_What the task requires_
Filter the entries below, keeping only lines with "Lemma".

_Given data_
Lemma class_pr_mimic {A Z : Type} (rtr : Z -> option (Atau A * (Z -> R))) z f :
  PTS_wf (res_trans rtr) -> Acc (successor rtr) z ->
  class_pr (mimic rtr z) f = max_pr rtr z (erase (formula_trace f)).
Proof.
  intros Hwf Hacc. unfold class_pr.
  assert (cM : covered (is_max_comp rtr z)).
  { apply (covered_sub _ (is_comp rtr z)); [exact (comps_covered rtr Hwf z Hacc)|].
    intros c [H _]. exact H. }
  unfold mimic at 2, PrSet. rewrite fsum_partition; auto.
  - unfold max_pr, PrSet, max_erased. apply fsum_ext; [|reflexivity].
    intros c. rewrite tf_equiv_erase, formula_trace_tracing. split; [tauto|].
    intros [Hc He]. split; [exact Hc|]. split; [exact He|].
    assert (0 < comp_pr rtr z c) by apply comp_pr_pos, (proj1 Hc).
    assert (comp_pr rtr z c <= mimic rtr z (tracing (ctrace c))); [|lra].
    apply fsum_ge; [ | intros x [[Hx _] _]; left; apply comp_pr_pos, Hx | split; auto].
    apply (covered_sub _ _ cM). intros x [Hx _]; exact Hx.
  - destruct cM as [lM HM]. exists (map (fun c => tracing (ctrace c)) lM).
    intros g [_ Hg]. apply NNPP. intros Hn. apply Hg. apply fsum_empty.
    intros c [Hc <-]. apply Hn, (in_map (fun c => tracing (ctrace c))), HM, Hc.
Qed.

Lemma tdf_equiv_mimic {A Z1 Z2 : Type} (rtr1 : Z1 -> option (Atau A * (Z1 -> R)))
  (rtr2 : Z2 -> option (Atau A * (Z2 -> R))) z1 z2 :
  PTS_wf (res_trans rtr1) -> PTS_wf (res_trans rtr2) ->
  Acc (successor rtr1) z1 -> Acc (successor rtr2) z2 ->
  tdf_equiv (mimic rtr1 z1) (mimic rtr2 z2) <-> forall al, max_pr rtr1 z1 al = max_pr rtr2 z2 al.
Proof.
  intros W1 W2 H1 H2. unfold tdf_equiv. split.
  - intros H al. specialize (H (tracing (map Some al))).
    rewrite !class_pr_mimic, formula_trace_tracing, erase_map_Some in H by assumption. exact H.
  - intros H f. rewrite !class_pr_mimic by assumption. apply H.
Qed.

Lemma eq_iff_of_extension_identity {A : Type} (LA : list A) (W1 W2 Q1 Q2 : list A -> R) B1 B2 :
  (forall al, W1 al = Q1 al + lsum (fun b => W1 (al ++ [b])) LA) ->
  (forall al, W2 al = Q2 al + lsum (fun b => W2 (al ++ [b])) LA) ->
  (forall al, (B1 < length al)%nat -> W1 al = 0) ->
  (forall al, (B2 < length al)%nat -> W2 al = 0) ->
  (forall al, Q1 al = Q2 al) <-> (forall al, W1 al = W2 al).
Proof.
  intros I1 I2 V1 V2. split.
  - intros HQ.
    assert (K : forall n al, (Datatypes.S (B1 + B2) <= length al + n)%nat -> W1 al = W2 al).
    { induction n as [|n IHn]; intros al Hl.
      - rewrite V1, V2 by lia. reflexivity.
      - rewrite I1, I2, HQ. f_equal. apply lsum_ext. intros b _. apply IHn.
        rewrite length_app. simpl. lia. }
    intros al. apply (K (Datatypes.S (B1 + B2))). lia.
  - intros HW al. specialize (I1 al). specialize (I2 al).
    rewrite (lsum_ext _ (fun b => W2 (al ++ [b]))) in I1 by auto.
    rewrite HW in I1. lra.
Qed.

Lemma visible_actions_in_common {A Z1 Z2 : Type} (rtr1 : Z1 -> option (Atau A * (Z1 -> R)))
  (rtr2 : Z2 -> option (Atau A * (Z2 -> R))) z1 z2 :
  PTS_wf (res_trans rtr1) -> PTS_wf (res_trans rtr2) ->
  Acc (successor rtr1) z1 -> Acc (successor rtr2) z2 ->
  exists LA, NoDup LA /\ visible_actions_in rtr1 LA z1 /\ visible_actions_in rtr2 LA z2.
Proof.
  intros W1 W2 H1 H2.
  destruct (visible_actions_in_exists rtr1 W1 z1 H1) as [L1 G1],
    (visible_actions_in_exists rtr2 W2 z2 H2) as [L2 G2].
  destruct (covered_NoDup (fun b => In b (L1 ++ L2))) as [LA [NA HA]]; [exists (L1 ++ L2); auto|].
  exists LA. split; [exact NA|].
  split; intros c Hc b Hb; apply HA, in_or_app; [left; eapply G1 | right; eapply G2]; eauto.
Qed.

Theorem theorem12 (A S : Type) (trans : S -> Atau A -> (S -> R) -> Prop)
  (Hwf : PTS_wf trans) (s t : S)
  (Hs_if : image_finite_proc trans s) (Hs_fin : finite_proc trans s)
  (Ht_if : image_finite_proc trans t) (Ht_fin : finite_proc trans t)
  (Zs : Type) (rtr_s : Zs -> option (Atau A * (Zs -> R))) (corr_s : Zs -> S) (zs : Zs)
  (Hres_s : is_resolution trans s rtr_s corr_s zs)
  (Zt : Type) (rtr_t : Zt -> option (Atau A * (Zt -> R))) (corr_t : Zt -> S) (zt : Zt)
  (Hres_t : is_resolution trans t rtr_t corr_t zt) :
  tdf_equiv (mimic rtr_s zs) (mimic rtr_t zt) <->
  (forall alpha : list A, PrSet rtr_s zs (Cw rtr_s zs alpha) = PrSet rtr_t zt (Cw rtr_t zt alpha)).
Proof.
  pose proof (resolution_Acc trans s rtr_s corr_s zs Hres_s Hs_fin) as Acc_s.
  pose proof (resolution_Acc trans t rtr_t corr_t zt Hres_t Ht_fin) as Acc_t.
  destruct Hres_s as [wf_s _], Hres_t as [wf_t _].
  destruct (visible_actions_in_common rtr_s rtr_t zs zt wf_s wf_t Acc_s Acc_t)
    as [LA [NA [Vis_s Vis_t]]].
  destruct (weak_pr_vanishes rtr_s wf_s zs Acc_s) as [Bs Van_s].
  destruct (weak_pr_vanishes rtr_t wf_t zt Acc_t) as [Bt Van_t].
  rewrite (tdf_equiv_mimic rtr_s rtr_t zs zt wf_s wf_t Acc_s Acc_t).
  exact (eq_iff_of_extension_identity LA _ _ _ _ Bs Bt
           (weak_pr_extension rtr_s wf_s LA NA zs Acc_s Vis_s)
           (weak_pr_extension rtr_t wf_t LA NA zt Acc_t Vis_t) Van_s Van_t).
Qed.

_The completed task_
Lemma class_pr_mimic {A Z : Type} (rtr : Z -> option (Atau A * (Z -> R))) z f :
Lemma tdf_equiv_mimic {A Z1 Z2 : Type} (rtr1 : Z1 -> option (Atau A * (Z1 -> R)))
Lemma eq_iff_of_extension_identity {A : Type} (LA : list A) (W1 W2 Q1 Q2 : list A -> R) B1 B2 :
Lemma visible_actions_in_common {A Z1 Z2 : Type} (rtr1 : Z1 -> option (Atau A * (Z1 -> R)))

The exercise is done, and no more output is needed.